→ ASSIGNMENT:
Go to the line that includes "rewrite ler_wpM2r ?sqrtr_ge0" and retype it, then every line after it to the end of the data, adding nothing.

Dataset entries:
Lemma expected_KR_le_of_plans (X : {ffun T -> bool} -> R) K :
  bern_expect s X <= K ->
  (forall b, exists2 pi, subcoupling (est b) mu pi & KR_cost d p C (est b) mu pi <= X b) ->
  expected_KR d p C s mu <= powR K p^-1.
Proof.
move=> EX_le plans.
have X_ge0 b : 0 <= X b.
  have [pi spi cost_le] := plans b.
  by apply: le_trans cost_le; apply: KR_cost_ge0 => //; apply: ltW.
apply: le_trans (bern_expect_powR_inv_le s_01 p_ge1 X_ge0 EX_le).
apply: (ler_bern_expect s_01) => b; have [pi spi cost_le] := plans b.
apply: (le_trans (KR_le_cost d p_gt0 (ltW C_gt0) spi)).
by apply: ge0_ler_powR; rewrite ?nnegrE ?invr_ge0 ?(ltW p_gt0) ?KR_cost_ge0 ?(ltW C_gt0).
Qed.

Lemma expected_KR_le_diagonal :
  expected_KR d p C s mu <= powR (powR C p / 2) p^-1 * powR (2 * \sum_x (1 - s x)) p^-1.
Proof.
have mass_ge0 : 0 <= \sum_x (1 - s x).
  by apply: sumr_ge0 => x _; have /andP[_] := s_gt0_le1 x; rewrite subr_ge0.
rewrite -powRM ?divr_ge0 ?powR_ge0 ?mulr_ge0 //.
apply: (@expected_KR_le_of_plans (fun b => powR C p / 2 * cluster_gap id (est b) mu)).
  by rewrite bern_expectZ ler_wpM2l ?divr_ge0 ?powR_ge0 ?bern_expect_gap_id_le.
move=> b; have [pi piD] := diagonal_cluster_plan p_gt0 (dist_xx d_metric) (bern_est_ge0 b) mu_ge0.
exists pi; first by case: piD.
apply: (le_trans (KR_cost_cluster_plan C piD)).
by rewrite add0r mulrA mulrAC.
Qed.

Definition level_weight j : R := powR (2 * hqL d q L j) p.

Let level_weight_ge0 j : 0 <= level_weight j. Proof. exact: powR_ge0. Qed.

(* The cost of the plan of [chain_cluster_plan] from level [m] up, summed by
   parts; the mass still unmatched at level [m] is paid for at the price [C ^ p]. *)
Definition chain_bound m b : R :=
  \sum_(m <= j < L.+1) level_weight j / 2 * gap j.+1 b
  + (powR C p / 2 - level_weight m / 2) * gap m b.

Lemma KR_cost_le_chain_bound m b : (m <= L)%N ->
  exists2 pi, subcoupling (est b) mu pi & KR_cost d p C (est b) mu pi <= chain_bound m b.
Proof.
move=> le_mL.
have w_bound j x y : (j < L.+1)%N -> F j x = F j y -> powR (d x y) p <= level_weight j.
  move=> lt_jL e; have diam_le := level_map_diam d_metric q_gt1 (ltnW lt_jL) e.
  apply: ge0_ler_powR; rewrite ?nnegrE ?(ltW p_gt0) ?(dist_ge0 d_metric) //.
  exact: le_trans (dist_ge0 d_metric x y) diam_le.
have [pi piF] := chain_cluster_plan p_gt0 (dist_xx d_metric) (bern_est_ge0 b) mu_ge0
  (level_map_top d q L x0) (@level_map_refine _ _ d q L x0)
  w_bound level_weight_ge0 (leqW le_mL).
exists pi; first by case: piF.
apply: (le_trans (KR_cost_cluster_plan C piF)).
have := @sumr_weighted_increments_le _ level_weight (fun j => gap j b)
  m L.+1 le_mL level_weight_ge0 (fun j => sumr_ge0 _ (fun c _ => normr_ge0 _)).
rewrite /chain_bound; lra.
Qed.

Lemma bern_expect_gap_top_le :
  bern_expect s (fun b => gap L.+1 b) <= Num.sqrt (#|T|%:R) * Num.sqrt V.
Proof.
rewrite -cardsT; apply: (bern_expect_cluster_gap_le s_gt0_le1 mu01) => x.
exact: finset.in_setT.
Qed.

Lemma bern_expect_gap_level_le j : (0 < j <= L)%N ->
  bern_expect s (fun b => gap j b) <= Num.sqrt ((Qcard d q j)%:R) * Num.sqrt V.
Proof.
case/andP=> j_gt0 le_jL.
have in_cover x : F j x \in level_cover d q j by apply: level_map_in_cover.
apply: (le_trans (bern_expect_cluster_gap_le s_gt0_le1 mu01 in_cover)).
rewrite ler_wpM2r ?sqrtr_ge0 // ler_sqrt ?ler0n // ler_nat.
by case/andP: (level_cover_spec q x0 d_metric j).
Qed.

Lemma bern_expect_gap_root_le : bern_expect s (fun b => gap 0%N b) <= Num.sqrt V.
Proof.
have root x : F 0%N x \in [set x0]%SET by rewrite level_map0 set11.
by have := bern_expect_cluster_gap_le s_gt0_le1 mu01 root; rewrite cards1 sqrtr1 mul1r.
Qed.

→ SOLUTION TO THIS EXERCISE:
rewrite ler_wpM2r ?sqrtr_ge0 // ler_sqrt ?ler0n // ler_nat.
by case/andP: (level_cover_spec q x0 d_metric j).
Qed.

Lemma bern_expect_gap_root_le : bern_expect s (fun b => gap 0%N b) <= Num.sqrt V.
Proof.
have root x : F 0%N x \in [set x0]%SET by rewrite level_map0 set11.
by have := bern_expect_cluster_gap_le s_gt0_le1 mu01 root; rewrite cards1 sqrtr1 mul1r.
Qed.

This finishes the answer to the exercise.